YOUR INSTRUCTIONS »
Write the entries below out again without a single difference.

SOURCE DATA section start

Lemma jenga_invariant_move k Q Q' : jenga_invariant k Q -> move Q Q' -> jenga_invariant k Q'.
Proof.
move=> inv [i [j [s [lt_i Lj top_not_below]]]] /=; rewrite -/(take_block Q i j).
case: ifP => [top_lt [s_top ->]|/negbT top_full ->].
  by apply: jenga_invariant_put_top => //; rewrite ltn_neqAle top_not_below // eq_sym.
exact: jenga_invariant_put_new (full_level top_full).
Qed.

Lemma jenga_invariant_reachable k Q : 3 <= k -> reachable n k Q -> jenga_invariant k Q.
Proof.
move=> k_ge3; elim=> [|Q0 Q1 _ inv01 /(jenga_invariant_move inv01)] //.
exact: jenga_invariant_initial.
Qed.

End Invariant.

Lemma sum_pairs_telescope (r : nat -> int) h :
  (r 0%N + \sum_(0 <= y < h) (r y + r y.+1 - 2 * r y * r y.+1)
   = r h - 2 * \sum_(0 <= y < h) r y * (r y.+1 - 1))%R.
Proof.
elim: h => [|h IH]; first by rewrite !big_geq //; ring.
by rewrite !big_nat_recr //= addrA IH; ring.
Qed.

Section Bound.
Variables (n : nat) (Q : config n).

Lemma two_sub_euler_char k : 0 < n -> jenga_invariant k Q ->
  (2 - euler_char Q = 2 * \sum_(0 <= y < size Q - 3)
                            Posz (level_runs Q y) * (Posz (level_runs Q y.+1) - 1))%R.
Proof.
move=> n_gt0 [h_ge3 full _ _].
rewrite euler_char_runs // (sum_pairs_telescope (fun y => Posz (level_runs Q y))).
rewrite level_runs_over //.
have [M sizeQ] : exists M, size Q = M.+3 by exists (size Q - 3); lia.
rewrite sizeQ in full *; rewrite (_ : M.+3 - 3 = M) ?subSS ?subn0 //.
rewrite !big_nat_recr //= (level_runs_full n_gt0 (y := M.+1)) //.
by rewrite (level_runs_over (y := M.+3)) ?sizeQ //; ring.
Qed.

Lemma sum_lower_level_cards k : jenga_invariant k Q ->
  \sum_(0 <= y < size Q - 3) level_card Q y <= n * (k - 2).
Proof.
move=> [h_ge3 full blocks low].
have [M sizeQ] : exists M, size Q = M.+3 by exists (size Q - 3); lia.
have card_full : level_card Q M.+1 = n.
  by rewrite /level_card (_ : M.+1 = size Q - 2) ?full ?cardsT ?card_ord //; lia.
move: blocks low; rewrite nblocksE sizeQ (_ : M.+3 - 3 = M) ?subSS ?subn0 //.
by rewrite !big_nat_recr //= card_full mulnBr; lia.
Qed.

SOURCE DATA section end

ANSWER FOR THE TASK »
Lemma jenga_invariant_move k Q Q' : jenga_invariant k Q -> move Q Q' -> jenga_invariant k Q'.
Proof.
move=> inv [i [j [s [lt_i Lj top_not_below]]]] /=; rewrite -/(take_block Q i j).
case: ifP => [top_lt [s_top ->]|/negbT top_full ->].
  by apply: jenga_invariant_put_top => //; rewrite ltn_neqAle top_not_below // eq_sym.
exact: jenga_invariant_put_new (full_level top_full).
Qed.

Lemma jenga_invariant_reachable k Q : 3 <= k -> reachable n k Q -> jenga_invariant k Q.
Proof.
move=> k_ge3; elim=> [|Q0 Q1 _ inv01 /(jenga_invariant_move inv01)] //.
exact: jenga_invariant_initial.
Qed.

End Invariant.

Lemma sum_pairs_telescope (r : nat -> int) h :
  (r 0%N + \sum_(0 <= y < h) (r y + r y.+1 - 2 * r y * r y.+1)
   = r h - 2 * \sum_(0 <= y < h) r y * (r y.+1 - 1))%R.
Proof.
elim: h => [|h IH]; first by rewrite !big_geq //; ring.
by rewrite !big_nat_recr //= addrA IH; ring.
Qed.

Section Bound.
Variables (n : nat) (Q : config n).

Lemma two_sub_euler_char k : 0 < n -> jenga_invariant k Q ->
  (2 - euler_char Q = 2 * \sum_(0 <= y < size Q - 3)
                            Posz (level_runs Q y) * (Posz (level_runs Q y.+1) - 1))%R.
Proof.
move=> n_gt0 [h_ge3 full _ _].
rewrite euler_char_runs // (sum_pairs_telescope (fun y => Posz (level_runs Q y))).
rewrite level_runs_over //.
have [M sizeQ] : exists M, size Q = M.+3 by exists (size Q - 3); lia.
rewrite sizeQ in full *; rewrite (_ : M.+3 - 3 = M) ?subSS ?subn0 //.
rewrite !big_nat_recr //= (level_runs_full n_gt0 (y := M.+1)) //.
by rewrite (level_runs_over (y := M.+3)) ?sizeQ //; ring.
Qed.

Lemma sum_lower_level_cards k : jenga_invariant k Q ->
  \sum_(0 <= y < size Q - 3) level_card Q y <= n * (k - 2).
Proof.
move=> [h_ge3 full blocks low].
have [M sizeQ] : exists M, size Q = M.+3 by exists (size Q - 3); lia.
have card_full : level_card Q M.+1 = n.
  by rewrite /level_card (_ : M.+1 = size Q - 2) ?full ?cardsT ?card_ord //; lia.
move: blocks low; rewrite nblocksE sizeQ (_ : M.+3 - 3 = M) ?subSS ?subn0 //.
by rewrite !big_nat_recr //= card_full mulnBr; lia.
Qed.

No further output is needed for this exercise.